В Понтуазе мы поужинали, в Крее выпили содовой, а в Компьене уже все дружно спали.
Я был разбужен бельгийским таможенником и его словами, которые он произнес по-французски со знакомым всем выговором:
— Всем пассажирам выйти для прохождения таможни, в вагонах ничего не оставлять, все подлежит досмотру, ясно?
Подтверждением этого призыва служил большой плакат, висевший внутри здания таможни и содержавший следующие слова:
«Все вещи подлежат досмотру без всякого исключения, кроме вещей личного пользования, носимых пассажирами».
Мое имя, красовавшееся на моем чемодане и саквояже, произвело обычное действие: таможенники ограничились вопросом, нет ли у меня при себе чего-либо такого, о чем нужно заявить, и, получив отрицательный ответ, один из них начертал на моих багажных местах знак не менее таинственный, чем иероглифы, расшифрованные г-ном де Шампольоном, и имевший следующий смысл: «Пропустить этого господина не только с носимыми им вещами, но и с теми, которые он несет».
Чтобы выразить все это, было достаточно одного знака, и потому я подозреваю, что язык таможни — это тот самый замечательный турецкий, о котором говорит Мольер и на котором можно высказать так много всего в столь немногих словах.
Час спустя мы снова расположились в вагоне и покатили в направлении Ахена.
Все шло неплохо до Вервье, то есть до прусской границы.
Там начались наши мучения, а точнее говоря, мучения Дандре.

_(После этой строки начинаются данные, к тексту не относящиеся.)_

(* Let $p_1,\dots,p_n$ be distinct primes and $G=C_{p_1\cdots p_n}$ the cyclic group of order $p_1\cdots p_n$. Then the width of $G$ equals $n$.
   Context: For a finite group $G$, an arrow is a pair $(H,K)$ of subgroups with $H\leqslant K$; identity arrows are those with $H=K$. A $G$-transfer system is a set of arrows containing all identities and closed under composition ($(H,K),(K,L)\Rightarrow(H,L)$), conjugation ($(H,K)\Rightarrow(gHg^{-1},gKg^{-1})$) and restriction ($(H,K)$ and $L\leqslant K\Rightarrow(H\cap L,L)$). For a set $S$ of non-identity arrows, $\langle S\rangle$ is the smallest transfer system containing $S$. A minimal generating set of a transfer system $\mathsf{T}$ is a set $S\subseteq\mathsf{T}$ of non-identity arrows with $\langle S\rangle=\mathsf{T}$ and $\langle S\setminus\{s\}\rangle\neq\mathsf{T}$ for all $s\in S$; all such sets have the same cardinality $\mathfrak{m}(\mathsf{T})$. The width of $G$ is $\mathfrak{m}$ of the complete transfer system (the transfer system consisting of all arrows). *)

From mathcomp Require Import all_boot all_fingroup all_solvable.
Set Implicit Arguments. Unset Strict Implicit. Unset Printing Implicit Defensive.
Local Open Scope group_scope.

Section TransferSystems.
Variable gT : finGroupType.

Definition arrow_t := ({set gT} * {set gT})%type.

Definition is_subgroup (G H : {set gT}) : bool := group_set H && (H \subset G).

Definition is_arrow (G : {set gT}) (a : arrow_t) : bool :=
  [&& is_subgroup G a.1, is_subgroup G a.2 & a.1 \subset a.2].

Definition transfer_system (G : {set gT}) (T : {set arrow_t}) : bool :=
  [&& [forall a in T, is_arrow G a],
      [forall H : {set gT}, is_subgroup G H ==> ((H, H) \in T)],
      [forall a in T, forall b in T, (a.2 == b.1) ==> ((a.1, b.2) \in T)],
      [forall a in T, forall g in G, (a.1 :^ g, a.2 :^ g) \in T] &
      [forall a in T, forall L : {set gT},
         (is_subgroup G L && (L \subset a.2)) ==> ((a.1 :&: L, L) \in T)]].

Definition gen_ts (G : {set gT}) (S : {set arrow_t}) : {set arrow_t} :=
  [set a | [forall T : {set arrow_t},
              (transfer_system G T && (S \subset T)) ==> (a \in T)]].

Definition complete_ts (G : {set gT}) : {set arrow_t} := [set a | is_arrow G a].

Definition minimal_gen_set (G : {set gT}) (S T : {set arrow_t}) : Prop :=
  [/\ S \subset T,
      (forall a, a \in S -> a.1 != a.2),
      gen_ts G S = T &
      (forall s, s \in S -> gen_ts G (S :\ s) != T)].

Definition mgen_card (G : {set gT}) (T : {set arrow_t}) (m : nat) : Prop :=
  (exists S, minimal_gen_set G S T) /\
  (forall S, minimal_gen_set G S T -> #|S| = m).

Definition width_is (G : {set gT}) (m : nat) : Prop :=
  mgen_card G (complete_ts G) m.

End TransferSystems.

From mathcomp Require Import all_boot all_fingroup all_solvable.
Set Implicit Arguments. Unset Strict Implicit. Unset Printing Implicit Defensive.
Local Open Scope group_scope.

(* The arrows (M, G) with M a maximal normal subgroup are indispensable: since
   nothing lies strictly between M and G and M is normal, (M, G) is neither a
   composite, a conjugate nor a restriction of other arrows, so removing it from
   the complete transfer system leaves a transfer system.  When G is cyclic of
   squarefree order they also suffice: given H < K <= G, pick a prime q dividing
   |K : H| and the subgroup M of index q; then H <= M but K is not contained in M,
   so restricting (M, G) to K gives (M :&: K, K) with H <= M :&: K < K, and
   induction on |K| followed by composition yields (H, K).  Hence these arrows,
   one per prime divisor of |G|, form the unique minimal generating set. *)

Section TransferSystemTheory.
Variable gT : finGroupType.
Implicit Types (G H K L : {set gT}) (S T A : {set arrow_t gT}).

Lemma transfer_systemP G T :
  reflect [/\ {in T, forall a, is_arrow G a},
              forall H, is_subgroup G H -> (H, H) \in T,
              forall H K L, (H, K) \in T -> (K, L) \in T -> (H, L) \in T,
              forall H K g, (H, K) \in T -> g \in G -> (H :^ g, K :^ g) \in T
            & forall H K L, (H, K) \in T -> is_subgroup G L -> L \subset K ->
                (H :&: L, L) \in T]
          (transfer_system G T).
Proof.
apply: (iffP and5P) => [[/forall_inP ar /forallP idT /forall_inP compT
                         /forall_inP conjT /forall_inP resT] |
                        [ar idT compT conjT resT]]; split.
- exact: ar.
- by move=> H; apply/implyP/idT.
- by move=> H K L HK KL; apply: implyP (forall_inP (compT _ HK) _ KL) (eqxx _).
- by move=> H K g HK; apply: forall_inP (conjT _ HK) g.
- by move=> H K L HK sL sLK; apply: implyP (forallP (resT _ HK) L) _; rewrite sL.
- exact/forall_inP.
- by apply/forallP=> H; apply/implyP/idT.
- apply/forall_inP=> -[H K] HK; apply/forall_inP=> -[K' L] KL.
  by apply/implyP=> /eqP /= eKK'; apply: compT HK _; rewrite eKK'.
- by apply/forall_inP=> -[H K] HK; apply/forall_inP=> g; apply: conjT.
- by apply/forall_inP=> -[H K] HK; apply/forallP=> L; apply/implyP=> /andP[]; apply: resT.
Qed.

Lemma is_subgroup_group G (H : {group gT}) : is_subgroup G H = (H \subset G).
Proof. by rewrite /is_subgroup groupP. Qed.

Lemma is_subgroupP G H :
  reflect (exists2 K : {group gT}, H = K & K \subset G) (is_subgroup G H).
Proof.
apply: (iffP andP) => [[gH sHG] | [K -> sKG]]; last by rewrite groupP.
by exists (Group gH).
Qed.

Lemma gen_ts_min G S T : transfer_system G T -> S \subset T -> gen_ts G S \subset T.
Proof.
move=> tsT sST; apply/subsetP=> a; rewrite inE => /forallP /(_ T).
by rewrite tsT sST; apply.
Qed.

Lemma sub_gen_ts G S : S \subset gen_ts G S.
Proof.
apply/subsetP=> a Sa; rewrite inE; apply/forallP=> T; apply/implyP=> /andP[_ sST].
exact: subsetP sST a Sa.
Qed.

Lemma gen_tsS G S1 S2 : S1 \subset S2 -> gen_ts G S1 \subset gen_ts G S2.
Proof.
move=> sS12; apply/subsetP=> a; rewrite !inE => /forallP genS1; apply/forallP=> T.
by apply/implyP=> /andP[tsT sS2T]; apply: implyP (genS1 T) _; rewrite tsT (subset_trans sS12).
Qed.

Lemma mgen_card_least G T A :
    {in A, forall a, a.1 != a.2} -> gen_ts G A = T ->
    (forall S, gen_ts G S = T -> A \subset S) ->
  mgen_card G T #|A|.
Proof.
move=> nidA genA leastA; split.
  exists A; split=> //; first by rewrite -genA sub_gen_ts.
  by move=> a Aa; apply/eqP=> /leastA /subsetP /(_ a Aa); rewrite !inE eqxx.
move=> S [_ _ genS minS]; suff -> : S = A by [].
apply/eqP; rewrite eqEsubset leastA // andbT.
apply/subsetP=> s Ss; apply: contraT => notAs; case/negP: (minS s Ss).
rewrite eqEsubset -{1}genS gen_tsS ?subD1set //= -{1}genA gen_tsS //.
apply/subsetP=> a Aa; rewrite in_setD1 (subsetP (leastA S genS)) // andbT.
by apply: contraNneq notAs => <-.
Qed.

Lemma complete_ts_transfer (G : {group gT}) : transfer_system G (complete_ts G).
Proof.
apply/transfer_systemP; split.
- by move=> a; rewrite inE.
- by move=> H sH; rewrite inE /is_arrow /= sH subxx.
- move=> H K L; rewrite !inE /is_arrow /= => /and3P[-> _ sHK] /and3P[_ -> sKL].
  exact: subset_trans sHK sKL.
- move=> H K g; rewrite !inE /is_arrow /is_subgroup /= !group_setJ conjSg.
  move=> /and3P[/andP[-> sHG] /andP[-> sKG] ->] gG.
  by rewrite -(conjGid gG) !conjSg sHG sKG.
- move=> H K L; rewrite !inE /is_arrow /= => /and3P[/is_subgroupP[H' -> _] _ _].
  move=> /is_subgroupP[L' -> sLG] _.
  by rewrite is_subgroup_group (is_subgroup_group G (H' :&: L')%G) subsetIr
             (subset_trans (subsetIr _ _) sLG) sLG.
Qed.

Lemma complete_tsD1_transfer (G M : {group gT}) :
  maximal M G -> M <| G -> transfer_system G (complete_ts G :\ (gval M, gval G)).
Proof.
move=> maxM nMG; have /transfer_systemP[arC idC compC conjC resC] := complete_ts_transfer G.
have /maximal_eqP[_ betweenMG] : maximal_eq M G by rewrite /maximal_eq maxM orbT.
apply/transfer_systemP; split.
- by move=> a /setD1P[_ /arC].
- move=> H sH; rewrite in_setD1 idC // andbT; apply/eqP=> -[eHM eHG].
  by move: (maxgroupp maxM); rewrite -eHM eHG properxx.
- move=> H K L /setD1P[nHK HK] /setD1P[nKL KL]; rewrite in_setD1 (compC _ K) // andbT.
  apply/eqP=> -[eHM eLG]; move: (arC _ HK); rewrite /is_arrow eHM /=.
  case/and3P=> _ /is_subgroupP[K' eK sKG] sMK; rewrite eK in nHK nKL sMK.
  have [eKM | eKG] := betweenMG K' sMK sKG.
    by case/eqP: nKL; rewrite eKM eLG.
  by case/eqP: nHK; rewrite eHM eKG.
- move=> H K g /setD1P[nHK HK] gG; rewrite in_setD1 conjC // andbT.
  apply: contraNneq nHK => -[eHM eKG].
  rewrite -(conjsgK g H) -(conjsgK g K) eHM eKG (conjGid (groupVr gG)).
  by rewrite (normsP (normal_norm nMG) _ (groupVr gG)).
- move=> H K L /setD1P[nHK HK] sL sLK; rewrite in_setD1 (resC _ K) // andbT.
  apply: contraNneq nHK => -[eHM eLG].
  move: (arC _ HK); rewrite /is_arrow /is_subgroup /= => /and3P[_ /andP[_ sKG] sHK].
  have eKG : K = G by apply/eqP; rewrite eqEsubset sKG -eLG.
  by rewrite -eHM eLG eKG (setIidPl (subset_trans sHK sKG)).
Qed.

Lemma maximal_arrow_mem_gen (G M : {group gT}) S :
  maximal M G -> M <| G -> gen_ts G S = complete_ts G -> (gval M, gval G) \in S.
Proof.
move=> maxM nMG genS; apply: contraT => notSM.
have sSD : S \subset complete_ts G :\ (gval M, gval G).
  apply/subsetP=> a Sa; rewrite in_setD1 -genS (subsetP (sub_gen_ts G S)) // andbT.
  by apply: contraNneq notSM => <-.
have MG : (gval M, gval G) \in complete_ts G.
  by rewrite inE /is_arrow /= !is_subgroup_group subxx proper_sub ?(maxgroupp maxM).
rewrite -genS in MG.
have := subsetP (gen_ts_min (complete_tsD1_transfer maxM nMG) sSD) _ MG.
by rewrite in_setD1 eqxx.
Qed.

Lemma gen_ts_separating (G : {group gT}) A :
    A \subset complete_ts G ->
    (forall H K : {group gT}, H \proper K -> K \subset G ->
       exists2 M : {group gT}, (gval M, gval G) \in A & (H \subset M) && ~~ (K \subset M)) ->
  gen_ts G A = complete_ts G.
Proof.
move=> sAC sepA; apply/eqP; rewrite eqEsubset gen_ts_min ?complete_ts_transfer //=.
apply/subsetP=> -[H0 K0]; rewrite inE /is_arrow /=.
case/and3P=> /is_subgroupP[H -> _] /is_subgroupP[K -> sKG] sHK.
rewrite inE; apply/forallP=> T; apply/implyP=> /andP[tsT sAT].
have /transfer_systemP[_ idT compT _ resT] := tsT.
have [m leKm] := ubnP #|K|; elim: m => // m IHm in H K leKm sHK sKG *.
have [-> | neHK] := eqVneq (gval H) (gval K); first by rewrite idT ?is_subgroup_group.
have prHK : H \proper K by rewrite properEneq neHK.
have [M AM /andP[sHM nsKM]] := sepA H K prHK sKG.
have subgK : is_subgroup G K by rewrite is_subgroup_group.
have MK_K : (gval M :&: K, gval K) \in T := resT _ _ _ (subsetP sAT _ AM) subgK sKG.
have ltMK : #|M :&: K| < #|K|.
  rewrite proper_card // properEneq subsetIr andbT.
  by apply: contraNneq nsKM => <-; apply: subsetIl.
apply: compT (IHm H (M :&: K)%G _ _ _) MK_K.
- exact: leq_trans ltMK leKm.
- by rewrite subsetI sHM sHK.
- exact: subset_trans (subsetIr _ _) sKG.
Qed.

End TransferSystemTheory.

Section CyclicSquarefree.
Variables (gT : finGroupType) (x : gT).

Lemma index_cycleX p : p %| #[x] -> #|<[x]> : <[x ^+ p]>| = p.
Proof.
by move=> p_x; rewrite -divgS ?cycleX // -!orderE orderXdiv // divnA // mulKn.
Qed.

Lemma maximal_cycleX p : prime p -> p %| #[x] -> maximal <[x ^+ p]> <[x]>.
Proof. by move=> p_pr p_x; rewrite p_index_maximal ?cycleX ?index_cycleX. Qed.

Hypothesis sqfree_x : forall p, prime p -> ~~ (p ^ 2 %| #[x]).

Lemma cycleX_separating (H K : {group gT}) :
    H \proper K -> K \subset <[x]> ->
  exists2 p, p \in primes #[x] & (H \subset <[x ^+ p]>) && ~~ (K \subset <[x ^+ p]>).
Proof.
move=> prHK sKx; have sHK := proper_sub prHK; set p := pdiv #|K : H|.
have p_pr : prime p by rewrite pdiv_prime // indexg_gt1 proper_subn.
have p_K : p %| #|K| := dvdn_trans (pdiv_dvd _) (dvdn_indexg _ _).
have K_x : #|K| %| #[x] := cardSg sKx.
have p_x : p %| #[x] := dvdn_trans p_K K_x.
have subX (L : {group gT}) : L \subset <[x]> -> (L \subset <[x ^+ p]>) = (#|L| * p %| #[x]).
  move=> sLx; rewrite -(cardSg_cyclic (cycle_cyclic x) sLx (cycleX x p)).
  by rewrite -orderE orderXdiv // dvdn_divRL.
exists p; first by rewrite mem_primes p_pr order_gt0.
rewrite !subX ?(subset_trans sHK) // (dvdn_trans _ K_x) /=; last first.
  by rewrite -(Lagrange sHK) dvdn_pmul2l ?pdiv_dvd.
apply: contra (sqfree_x p_pr) => Kp_x.
by rewrite -mulnn (dvdn_trans _ Kp_x) ?dvdn_mul.
Qed.

Definition cycle_maximal_arrows : {set arrow_t gT} :=
  [set:: [seq (<[x ^+ p]> : {set gT}, <[x]> : {set gT}) | p <- primes #[x]]].

Lemma card_cycle_maximal_arrows : #|cycle_maximal_arrows| = size (primes #[x]).
Proof.
rewrite cardsE (card_uniqP _) ?size_map // map_inj_in_uniq ?primes_uniq // => p q.
rewrite !mem_primes => /and3P[_ _ p_x] /and3P[_ _ q_x] [eXpq].
by rewrite -(index_cycleX p_x) eXpq index_cycleX.
Qed.

Theorem width_cycle_squarefree : width_is <[x]> (size (primes #[x])).
Proof.
rewrite -card_cycle_maximal_arrows; apply: mgen_card_least.
- move=> a; rewrite inE => /mapP[p]; rewrite mem_primes => /and3P[p_pr _ p_x] -> /=.
  apply: contraTneq (prime_gt1 p_pr) => eXp.
  by rewrite -(index_cycleX p_x) eXp indexgg.
- apply: gen_ts_separating.
    apply/subsetP=> a; rewrite inE => /mapP[p _ ->].
    by rewrite inE /is_arrow /= !(is_subgroup_group _ (cycle_group _)) cycleX subxx.
  move=> H K prHK sKx; have [p p_x sepHK] := cycleX_separating prHK sKx.
  by exists <[x ^+ p]>%G => //; rewrite inE; apply/mapP; exists p.
- move=> S genS; apply/subsetP=> a; rewrite inE => /mapP[p].
  rewrite mem_primes => /and3P[p_pr _ p_x] ->.
  apply: (maximal_arrow_mem_gen (G := <[x]>%G) (M := <[x ^+ p]>%G)) genS.
    exact: maximal_cycleX.
  by rewrite -sub_abelian_normal ?cycle_abelian ?cycleX.
Qed.

End CyclicSquarefree.

Local Close Scope group_scope.

Section ProductOfDistinctPrimes.
Variables (n : nat) (p : 'I_n -> nat).
Hypothesis p_prime : forall i, prime (p i).

Lemma prime_dvd_prod_primes (P : pred 'I_n) q :
  prime q -> q %| \prod_(i | P i) p i -> exists2 i, P i & q = p i.
Proof.
move=> q_pr; rewrite (Euclid_dvd_prod _ _ _ q_pr) big_has_cond.
by case/hasP=> i _ /andP[Pi]; rewrite dvdn_prime2 // => /eqP ->; exists i.
Qed.

Hypothesis p_inj : injective p.

Lemma size_primes_prod : size (primes (\prod_(i < n) p i)) = n.
Proof.
have primesE : primes (\prod_(i < n) p i) =i codom p.
  move=> q; rewrite mem_primes; apply/and3P/codomP=> [[q_pr _ q_dvd] | [i ->]].
    by have [i _ ->] := prime_dvd_prod_primes q_pr q_dvd; exists i.
  split; first exact: p_prime.
    by apply: prodn_gt0 => j; apply: prime_gt0.
  by rewrite (bigD1 i) //= dvdn_mulr.
have uniq_p : uniq (codom p) by rewrite codomE map_inj_uniq ?enum_uniq.
by rewrite (perm_size (uniq_perm (primes_uniq _) uniq_p primesE)) size_codom card_ord.
Qed.

Lemma prod_primes_sqfree q : prime q -> ~~ (q ^ 2 %| \prod_(i < n) p i).
Proof.
move=> q_pr; apply/negP=> q2_dvd.
have q_dvd : q %| \prod_(i < n) p i by rewrite (dvdn_trans _ q2_dvd) // -mulnn dvdn_mulr.
have [i _ eqi] := prime_dvd_prod_primes q_pr q_dvd.
move: q2_dvd; rewrite (bigD1 i) //= eqi -mulnn dvdn_pmul2l ?prime_gt0 //.
by case/prime_dvd_prod_primes=> // j nji /p_inj eij; rewrite eij eqxx in nji.
Qed.

End ProductOfDistinctPrimes.

Theorem lemma5p1 (n : nat) (p : 'I_n -> nat)
  (p_prime : forall i, prime (p i)) (p_distinct : injective p)
  (gT : finGroupType) (G : {group gT})
  (G_cyclic : cyclic G) (G_order : #|G| = \prod_(i < n) p i) :
  width_is G n.
Proof.
have [x defG] := cyclicP G_cyclic.
have ox : #[x]%g = \prod_(i < n) p i by rewrite -G_order defG.
rewrite defG -(size_primes_prod p_prime p_distinct) -ox.
by apply: width_cycle_squarefree => q q_pr; rewrite ox prod_primes_sqfree.
Qed.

У дверей вагона появился некто, потребовавший билеты.
Дандре предъявил четыре билета.
— С вами собаки? — осведомился прусский служащий.
— Вот их билеты, — ответил Дандре.
Служащий заглянул в вагон, но собак не увидел и, предположив, что они в собачьем ящике, удалился.

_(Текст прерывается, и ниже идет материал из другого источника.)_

Definition binom_pmf_dneg (m : nat) (t : R) (k : nat) : R :=
  Binomial.C m k * INR (m - k) * t ^ k * (1 - t) ^ pred (m - k).

Lemma is_derive_binom_pmf (m k : nat) (t : R) :
  is_derive (fun x => binom_pmf m x k) t (binom_pmf_dpos m t k - binom_pmf_dneg m t k).
Proof.
  unfold binom_pmf. auto_derive; [trivial|].
  unfold binom_pmf_dpos, binom_pmf_dneg, Rminus. ring.
Qed.

Lemma sum_binom_pmf_dpos (g : nat -> R) (n : nat) (t : R) :
  sum_f_R0 (fun k => g k * binom_pmf_dpos (S n) t k) (S n)
  = INR (S n) * binom_expect (fun j => g (S j)) n t.
Proof.
  rewrite decomp_sum by lia. simpl pred.
  replace (binom_pmf_dpos (S n) t 0) with 0 by (unfold binom_pmf_dpos; simpl; ring).
  rewrite Rmult_0_r, Rplus_0_l. unfold binom_expect. rewrite scal_sum.
  apply sum_eq. intros j Hj. unfold binom_pmf_dpos, binom_pmf. simpl pred.
  replace (S n - S j)%nat with (n - j)%nat by lia.
  transitivity (g (S j) * (INR (S j) * Binomial.C (S n) (S j)) * t ^ j * (1 - t) ^ (n - j));
    [ring|].
  rewrite C_absorb by exact Hj. ring.
Qed.

Lemma sum_binom_pmf_dneg (g : nat -> R) (n : nat) (t : R) :
  sum_f_R0 (fun k => g k * binom_pmf_dneg (S n) t k) (S n)
  = INR (S n) * binom_expect g n t.
Proof.
  rewrite tech5.
  replace (binom_pmf_dneg (S n) t (S n)) with 0
    by (unfold binom_pmf_dneg; rewrite Nat.sub_diag; simpl; ring).
  rewrite Rmult_0_r, Rplus_0_r. unfold binom_expect. rewrite scal_sum.
  apply sum_eq. intros k Hk. unfold binom_pmf_dneg, binom_pmf.
  replace (pred (S n - k)) with (n - k)%nat by lia.
  transitivity (g k * (INR (S n - k) * Binomial.C (S n) k) * t ^ k * (1 - t) ^ (n - k));
    [ring|].
  rewrite C_absorb_compl by exact Hk. ring.
Qed.

Lemma is_derive_sum_f_R0 (f : nat -> R -> R) (f' : nat -> R) (N : nat) (x : R) :
  (forall k, is_derive (f k) x (f' k)) ->
  is_derive (fun t => sum_f_R0 (fun k => f k t) N) x (sum_f_R0 f' N).
Proof.
  intros H. induction N as [|N IH]; [exact (H 0%nat)|].
  exact (is_derive_plus (fun t => sum_f_R0 (fun k => f k t) N) (f (S N)) _ _ _ IH (H (S N))).
Qed.

Lemma is_derive_binom_expect (g : nat -> R) (n : nat) (t : R) :
  is_derive (binom_expect g (S n)) t
    (INR (S n) * binom_expect (fun j => g (S j) - g j) n t).
Proof.
  replace (INR (S n) * binom_expect (fun j => g (S j) - g j) n t)
    with (sum_f_R0 (fun k => g k * (binom_pmf_dpos (S n) t k - binom_pmf_dneg (S n) t k)) (S n)).
  - apply (is_derive_sum_f_R0 (fun k x => g k * binom_pmf (S n) x k)).
    intros k. apply is_derive_scal, is_derive_binom_pmf.
  - rewrite (sum_eq _ (fun k => 1 * (g k * binom_pmf_dpos (S n) t k)
                               + (-1) * (g k * binom_pmf_dneg (S n) t k)))
      by (intros; ring).
    rewrite sum_f_R0_lin, sum_binom_pmf_dpos, sum_binom_pmf_dneg.
    rewrite (binom_expect_ext (fun j => g (S j) - g j) (fun j => 1 * g (S j) + (-1) * g j)) by (intros; ring).
    rewrite binom_expect_lin. ring.
Qed.

Lemma l1_binom_nonneg (m : nat) (p q : R) : 0 <= l1_binom m p q.
Proof. apply cond_pos_sum. intros. apply Rabs_pos. Qed.

Lemma l1_binom_sym (m : nat) (p q : R) : l1_binom m p q = l1_binom m q p.
Proof. apply sum_eq. intros. apply Rabs_minus_sym. Qed.

Lemma binom_expect_sub_le_l1 (g : nat -> R) (M : R) (m : nat) (p q : R) :
  (forall k, (k <= m)%nat -> 0 <= g k <= M) ->
  binom_expect g m q - binom_expect g m p <= l1_binom m p q * (M / 2).
Proof.
  intros Hg.
  assert (E : binom_expect g m q - binom_expect g m p
              = sum_f_R0 (fun k => (g k - M / 2) * (binom_pmf m q k - binom_pmf m p k)) m).
  { rewrite (sum_eq _ (fun k => (g k - M / 2) * binom_pmf m q k
                                - (g k - M / 2) * binom_pmf m p k)) by (intros; ring).
    rewrite minus_sum.
    change (binom_expect g m q - binom_expect g m p
            = binom_expect (fun k => g k - M / 2) m q - binom_expect (fun k => g k - M / 2) m p).
    rewrite !(binom_expect_ext (fun k => g k - M / 2) (fun k => 1 * g k + (- (M / 2)) * 1))
      by (intros; ring).
    rewrite !binom_expect_lin, !binom_expect_one. ring. }
  rewrite E. eapply Rle_trans; [apply Rle_abs|].
  eapply Rle_trans; [apply sum_f_R0_triangle|].
  unfold l1_binom. rewrite (Rmult_comm (sum_f_R0 _ m)), scal_sum.
  apply sum_Rle. intros k Hk.
  rewrite Rabs_mult, (Rabs_minus_sym (binom_pmf m q k)), Rmult_comm.
  apply Rmult_le_compat_l; [apply Rabs_pos|].
  specialize (Hg k Hk). apply Rabs_le. lra.
Qed.

Definition ramp (A J k : nat) : R := INR (Nat.min (k - A) J).

Lemma ramp_bounds (A J k : nat) : 0 <= ramp A J k <= INR J.
Proof. split; [apply pos_INR | apply le_INR; lia]. Qed.

Lemma ramp_increment_ge (A J : nat) (mu s : R) (j : nat) : 0 < s ->
  (forall i, (i < A)%nat -> INR i <= mu - s) -> mu + s <= INR (A + J) ->
  1 - (INR j - mu) ^ 2 / s ^ 2 <= ramp A J (S j) - ramp A J j.
Proof.
  intros Hs HA HJ. unfold ramp.
  assert (Hs2 : 0 < s ^ 2) by (apply pow_lt; lra).
  assert (Hmono : INR (Nat.min (j - A) J) <= INR (Nat.min (S j - A) J)) by (apply le_INR; lia).
  assert (Hfar : s <= Rabs (INR j - mu) -> 1 - (INR j - mu) ^ 2 / s ^ 2 <= 0).
  { intros Hd. rewrite <- (pow2_abs (INR j - mu)).
    assert (1 <= Rabs (INR j - mu) ^ 2 / s ^ 2) by (apply Rle_div_r; nra).
    lra. }
  destruct (le_lt_dec A j) as [H1|H1]; [destruct (lt_dec j (A + J)) as [H2|H2]|].
  - replace (Nat.min (S j - A) J) with (S (Nat.min (j - A) J)) by lia.
    rewrite S_INR.
    assert (0 <= (INR j - mu) ^ 2 / s ^ 2)
      by (apply Rdiv_le_0_compat; [apply pow2_ge_0 | assumption]).
    lra.
  - assert (INR (A + J) <= INR j) by (apply le_INR; lia).
    assert (Hd : s <= Rabs (INR j - mu)) by (rewrite Rabs_right; lra).
    specialize (Hfar Hd). lra.
  - assert (INR j <= mu - s) by (apply HA; exact H1).
    assert (Hd : s <= Rabs (INR j - mu)) by (rewrite Rabs_left1; lra).
    specialize (Hfar Hd). lra.
Qed.

Lemma binom_expect_ramp_increment_ge (A J n : nat) (x s : R) :
  0 <= x <= 1 -> 0 < s ->
  (forall i, (i < A)%nat -> INR i <= INR n * x - s) -> INR n * x + s <= INR (A + J) ->
  1 - INR n * x * (1 - x) / s ^ 2
  <= binom_expect (fun j => ramp A J (S j) - ramp A J j) n x.
Proof.
  intros Hx Hs HA HJ.
  rewrite <- binom_variance.
  replace (1 - binom_expect (fun k => (INR k - INR n * x) ^ 2) n x / s ^ 2)
    with (binom_expect (fun k => 1 * 1 + (- / s ^ 2) * (INR k - INR n * x) ^ 2) n x)
    by (rewrite binom_expect_lin, binom_expect_one; unfold Rdiv; ring).
  apply sum_Rle. intros j _.
  apply Rmult_le_compat_r; [apply binom_pmf_nonneg; exact Hx|].
  replace (1 * 1 + - / s ^ 2 * (INR j - INR n * x) ^ 2)
    with (1 - (INR j - INR n * x) ^ 2 / s ^ 2) by (unfold Rdiv; ring).
  apply ramp_increment_ge; assumption.
Qed.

Раздался свисток, и мы тронулись в путь.
На вокзале в Ахене появился другой служащий.
— Ваши билеты? — спросил он.
Билеты были ему предъявлены.
— Отлично. С вами собаки?
— Вот их билеты, — ответил Дандре.
Служащий, проверив билеты, несомненно удалился бы, подобно своему коллеге, но тут Душка, поняв, по-видимому, что речь идет о ней, высунула нос из шалей и кружев, в которых она была скрыта, и залаяла пруссаку прямо в лицо.
— Так у вас собаки! — воскликнул тот едва ли не с угрозой в голосе.
— Вам об этом известно, вот их билеты.
— Да, но собаки не должны ехать в тех же вагонах, что и пассажиры.
— Но почему?
Нам пришлось бы, вне всякого сомнения, выслушать разъяснения достойного служащего, но в эту минуту раздался свисток и поезд тронулся с места.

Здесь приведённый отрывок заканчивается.